If you asked Tom, he would probably say that in his old age, he had learned from the mistakes of his youth, and was now a devout churchgoer and a friend of his neighbors, helping those in need through his business.
However, the omniscience of the narrator makes it clear that very little has actually changed about Tom's personal character; he's still miserly, thinks only of himself, and his attempts at penance are in fact self-congratulatory and fundamentally flawed. Tom was probably never capable of truly changing at all.
In his younger days, Tom is described as being unpleasant, miserly and generally concerned only with antagonizing his wife. The treasure that he negotiates his soul for, and the successful business that he creates with it, transform him into a person of high social standing, but it doesn't buy him class. He retains all of his worst personality traits, and gains some new ones, such as his ostentatious displays of wealth that are intended only to display that wealth for its own sake, something the narrator implies is a common practice for those with lots of money but poor character.

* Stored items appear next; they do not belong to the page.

(* Let $\mathcal{G}^0=(\mathcal V,\mathcal E^0)$ be a graph on $\mathcal V=\{1,\dots,N\}$ (not necessarily undirected) and let the packet-loss processes $\{\theta^{ij}_k\}$, $e^{ij}\in\mathcal E^0$, satisfy Assumption A. Then for every $k\ge 0$, $$\mathbb E\big[L_{\sigma_{k+1}}^\top L_{\sigma_{k+1}}\,\big|\,\sigma_k\big]=\mathbb E\big[L_{\sigma_{k+1}}\,\big|\,\sigma_k\big]^\top\,\mathbb E\big[L_{\sigma_{k+1}}\,\big|\,\sigma_k\big]+\mathcal V_k(\mathcal G)+\mathcal V_k(\mathcal G^\top),$$ where conditional expectations of random matrices are taken entrywise and $\mathcal V_k(\mathcal G),\mathcal V_k(\mathcal G^\top)$ are the conditional variance matrices defined in the context.
   Context: Graphs: $\mathcal G=(\mathcal V,\mathcal E)$ with $\mathcal V=\{1,\dots,N\}$, $\mathcal E\subseteq\mathcal V\times\mathcal V$, no self-loops; $e^{ij}:=(i,j)$ is read as an edge pointing from $j$ to $i$. In-neighbourhood $\mathcal N_i^-=\{j:e^{ij}\in\mathcal E\}$, out-neighbourhood $\mathcal N_i^+=\{j:e^{ji}\in\mathcal E\}$. The transposed graph $\mathcal G^\top$ has edge set $\{e^{ij}:e^{ji}\in\mathcal E\}$. The Laplacian $L(\mathcal G)=[l_{ij}]\in\mathbb Z^{N\times N}$ has $l_{ij}=-1$ if $i\neq j$ and $e^{ij}\in\mathcal E$, $l_{ij}=0$ if $i\ne j$ and $e^{ij}\notin\mathcal E$, and $l_{ii}=-\sum_{l\neq i}l_{il}$. Packet loss: for each $e^{ij}\in\mathcal E^0$ there is a $\{0,1\}$-valued process $\{\theta^{ij}_k\}_{k\ge0}$ ($1$ = successful transmission on $e^{ij}$ at time $k$). Let $\sigma_k:=(\theta^{ij}_k)_{e^{ij}\in\mathcal E^0}$ denote the joint state, $\mathcal G_{\sigma_k}:=(\mathcal V,\{e^{ij}\in\mathcal E^0:\theta^{ij}_k=1\})$, $L_{\sigma_k}:=L(\mathcal G_{\sigma_k})$, $L^0:=L(\mathcal G^0)$. Assumption A: there are numbers $p^{ij},q^{ij},\eta^{ij}\in[0,1]$ such that $\mathbb P(\theta^{ij}_0=1)=\eta^{ij}$; $\{\sigma_k\}$ is a Markov chain and, conditionally on $\sigma_k$, $\theta^{ij}_{k+1}=1$ with probability $p^{ij}$ if $\theta^{ij}_k=1$ and with probability $q^{ij}$ if $\theta^{ij}_k=0$; and the processes associated with distinct unordered pairs of vertices (i.e. $\theta^{ij}$ and $\theta^{rs}$ whenever $e^{rs}\notin\{e^{ij},e^{ji}\}$) are mutually independent. Conditional variance matrices: set $v^{ij}_k:=\operatorname{Var}[\theta^{ij}_{k+1}\mid\sigma_k]$ for $e^{ij}\in\mathcal E^0$ ($=\alpha(1-\alpha)$ with $\alpha=\mathbb E[\theta^{ij}_{k+1}\mid\sigma_k]$). $\mathcal V_k(\mathcal G)$ is the $N\times N$ matrix with off-diagonal entries $-v^{ij}_k$ if $e^{ij}\in\mathcal E^0$ and $0$ otherwise, and diagonal entries $\sum_{r\in\mathcal N_i^-}v^{ir}_k$ (the conditional variance of the $i$-th diagonal entry of $L(\mathcal G_{\sigma_{k+1}})$); $\mathcal V_k(\mathcal G^\top)$ is the analogous matrix for the transposed graph, i.e. off-diagonal $(i,j)$ entry $-v^{ji}_k$ if $e^{ji}\in\mathcal E^0$, else $0$, and diagonal entries $\sum_{s\in\mathcal N_i^+}v^{si}_k$ (neighbourhoods w.r.t. $\mathcal G^0$). (These are the weighted Laplacians of $\mathcal G^0$ and $(\mathcal G^0)^\top$ with edge weights $v^{ij}_k$.) *)

From HB Require Import structures.
From mathcomp Require Import all_boot all_order all_algebra.
From mathcomp Require Import all_classical all_reals all_analysis.
Set Implicit Arguments. Unset Strict Implicit. Unset Printing Implicit Defensive.
Import Order.TTheory GRing.Theory Num.Theory.
Local Open Scope classical_set_scope.
Local Open Scope ring_scope.

Section Defs.
Context {R : realType} {d : measure_display} {Omega : measurableType d}.
Context (P : probability Omega R).

(* Laplacian L(G) of a graph on 'I_N given by its edge relation E:
   E i j  <->  e^{ij} = (i,j) in the edge set (edge pointing from j to i). *)
Definition laplacian (N : nat) (E : rel 'I_N) : 'M[R]_N :=
  \matrix_(i, j) if i == j then - \sum_(l < N | l != i) (- ((E i l)%:R : R))
                 else - ((E i j)%:R : R).

(* Event {sigma_k = s}: the joint state of the edge processes on E0 at time k
   equals s (only the entries on edges of E0 are relevant). *)
Definition state_ev (N : nat) (E0 : rel 'I_N)
  (theta : 'I_N -> 'I_N -> nat -> Omega -> bool) (k : nat)
  (s : 'I_N -> 'I_N -> bool) : set Omega :=
  [set w | forall i j, E0 i j -> theta i j k w = s i j].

As Tom ages, he begins to fear death, and consoles himself by going to church and reading a Bible frequently, but he does these things as if penance was a competition, and he will "win" by being the loudest and most noticeable, carrying his ostentation over into his religion. It is suggested that Tom thinks he is somehow protected by doing these things, despite the fact that he continues to commit the same sins through his business that his arrangement demanded in the first place.